Dataset entries:
***

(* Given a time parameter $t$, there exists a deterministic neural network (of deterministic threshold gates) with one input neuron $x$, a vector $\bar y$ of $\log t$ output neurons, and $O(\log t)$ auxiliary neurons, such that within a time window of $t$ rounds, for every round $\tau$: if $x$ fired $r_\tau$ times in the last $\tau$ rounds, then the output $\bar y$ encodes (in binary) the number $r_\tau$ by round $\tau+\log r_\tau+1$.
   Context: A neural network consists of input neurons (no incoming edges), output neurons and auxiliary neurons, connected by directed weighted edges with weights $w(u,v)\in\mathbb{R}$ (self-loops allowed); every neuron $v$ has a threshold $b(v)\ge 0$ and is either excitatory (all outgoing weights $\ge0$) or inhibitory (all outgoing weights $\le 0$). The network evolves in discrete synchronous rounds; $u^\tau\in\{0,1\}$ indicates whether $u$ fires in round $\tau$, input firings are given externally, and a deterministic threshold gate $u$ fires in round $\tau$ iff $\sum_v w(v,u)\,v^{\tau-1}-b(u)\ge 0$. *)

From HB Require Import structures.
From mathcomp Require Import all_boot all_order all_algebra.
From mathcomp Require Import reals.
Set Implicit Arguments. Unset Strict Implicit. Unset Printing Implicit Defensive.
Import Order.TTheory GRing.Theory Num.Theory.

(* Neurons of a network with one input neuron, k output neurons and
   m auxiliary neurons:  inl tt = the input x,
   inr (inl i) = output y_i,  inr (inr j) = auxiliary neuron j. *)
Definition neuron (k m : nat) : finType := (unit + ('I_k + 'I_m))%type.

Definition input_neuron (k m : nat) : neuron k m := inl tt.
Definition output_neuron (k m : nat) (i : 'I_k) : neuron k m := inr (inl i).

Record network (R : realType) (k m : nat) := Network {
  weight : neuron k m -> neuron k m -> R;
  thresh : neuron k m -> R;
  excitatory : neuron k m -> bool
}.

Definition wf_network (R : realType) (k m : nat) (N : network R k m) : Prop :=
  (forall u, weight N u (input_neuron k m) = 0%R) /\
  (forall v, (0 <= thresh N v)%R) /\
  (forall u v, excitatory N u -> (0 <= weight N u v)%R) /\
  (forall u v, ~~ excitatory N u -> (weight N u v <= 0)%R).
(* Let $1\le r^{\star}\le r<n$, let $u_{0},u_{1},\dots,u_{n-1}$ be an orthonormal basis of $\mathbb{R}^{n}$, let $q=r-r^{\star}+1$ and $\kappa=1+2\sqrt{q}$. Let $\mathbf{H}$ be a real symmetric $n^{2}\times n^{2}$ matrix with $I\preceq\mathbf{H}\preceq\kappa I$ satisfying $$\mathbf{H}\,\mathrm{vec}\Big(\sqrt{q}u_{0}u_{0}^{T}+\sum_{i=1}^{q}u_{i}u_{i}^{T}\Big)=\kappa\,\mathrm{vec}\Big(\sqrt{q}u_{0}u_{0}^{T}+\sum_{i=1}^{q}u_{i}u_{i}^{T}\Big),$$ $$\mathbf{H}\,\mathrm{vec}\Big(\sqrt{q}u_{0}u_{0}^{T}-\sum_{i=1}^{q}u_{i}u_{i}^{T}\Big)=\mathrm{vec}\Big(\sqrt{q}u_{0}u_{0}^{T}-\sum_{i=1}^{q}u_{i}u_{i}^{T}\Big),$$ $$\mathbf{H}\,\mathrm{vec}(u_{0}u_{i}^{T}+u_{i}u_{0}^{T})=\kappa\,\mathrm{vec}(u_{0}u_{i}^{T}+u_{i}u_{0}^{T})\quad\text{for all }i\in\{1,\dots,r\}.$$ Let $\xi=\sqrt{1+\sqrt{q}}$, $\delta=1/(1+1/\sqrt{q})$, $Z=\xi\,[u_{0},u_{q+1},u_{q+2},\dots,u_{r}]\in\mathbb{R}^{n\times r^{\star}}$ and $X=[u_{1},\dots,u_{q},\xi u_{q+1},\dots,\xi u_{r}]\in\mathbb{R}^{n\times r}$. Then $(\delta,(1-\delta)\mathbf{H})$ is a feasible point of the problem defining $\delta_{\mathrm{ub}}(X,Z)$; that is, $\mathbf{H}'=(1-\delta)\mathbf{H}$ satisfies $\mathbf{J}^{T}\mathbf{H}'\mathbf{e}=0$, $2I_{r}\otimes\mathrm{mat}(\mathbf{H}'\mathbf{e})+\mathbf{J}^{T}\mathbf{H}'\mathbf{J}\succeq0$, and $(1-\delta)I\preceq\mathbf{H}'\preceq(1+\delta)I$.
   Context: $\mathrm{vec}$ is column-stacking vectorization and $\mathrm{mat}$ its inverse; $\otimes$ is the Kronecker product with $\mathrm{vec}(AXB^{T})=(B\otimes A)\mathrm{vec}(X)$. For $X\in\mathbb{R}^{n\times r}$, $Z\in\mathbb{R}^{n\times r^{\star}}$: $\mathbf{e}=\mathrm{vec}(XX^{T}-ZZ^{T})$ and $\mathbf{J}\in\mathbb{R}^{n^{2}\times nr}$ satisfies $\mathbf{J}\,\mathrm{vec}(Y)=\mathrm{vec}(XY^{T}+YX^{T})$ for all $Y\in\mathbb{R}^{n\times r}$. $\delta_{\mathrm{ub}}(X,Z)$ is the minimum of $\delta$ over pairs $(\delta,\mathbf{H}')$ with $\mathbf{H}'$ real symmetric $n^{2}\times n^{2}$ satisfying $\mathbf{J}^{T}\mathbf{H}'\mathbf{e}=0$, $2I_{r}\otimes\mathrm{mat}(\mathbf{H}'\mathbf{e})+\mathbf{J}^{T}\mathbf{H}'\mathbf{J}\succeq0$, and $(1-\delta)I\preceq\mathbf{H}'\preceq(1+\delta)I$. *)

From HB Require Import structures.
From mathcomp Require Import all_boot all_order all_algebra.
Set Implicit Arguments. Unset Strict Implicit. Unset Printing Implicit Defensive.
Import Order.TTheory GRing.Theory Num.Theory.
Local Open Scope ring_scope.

***

Exercise requirements —
The required answer is the run of lines above, starting at the line with "From mathcomp Require Import reals." and ending at the line with "(forall u v, ~~", reproduced exactly with both ends.

Exercise solution —
From mathcomp Require Import reals.
Set Implicit Arguments. Unset Strict Implicit. Unset Printing Implicit Defensive.
Import Order.TTheory GRing.Theory Num.Theory.

(* Neurons of a network with one input neuron, k output neurons and
   m auxiliary neurons:  inl tt = the input x,
   inr (inl i) = output y_i,  inr (inr j) = auxiliary neuron j. *)
Definition neuron (k m : nat) : finType := (unit + ('I_k + 'I_m))%type.

Definition input_neuron (k m : nat) : neuron k m := inl tt.
Definition output_neuron (k m : nat) (i : 'I_k) : neuron k m := inr (inl i).

Record network (R : realType) (k m : nat) := Network {
  weight : neuron k m -> neuron k m -> R;
  thresh : neuron k m -> R;
  excitatory : neuron k m -> bool
}.

Definition wf_network (R : realType) (k m : nat) (N : network R k m) : Prop :=
  (forall u, weight N u (input_neuron k m) = 0%R) /\
  (forall v, (0 <= thresh N v)%R) /\
  (forall u v, excitatory N u -> (0 <= weight N u v)%R) /\
  (forall u v, ~~ excitatory N u -> (weight N u v <= 0)%R).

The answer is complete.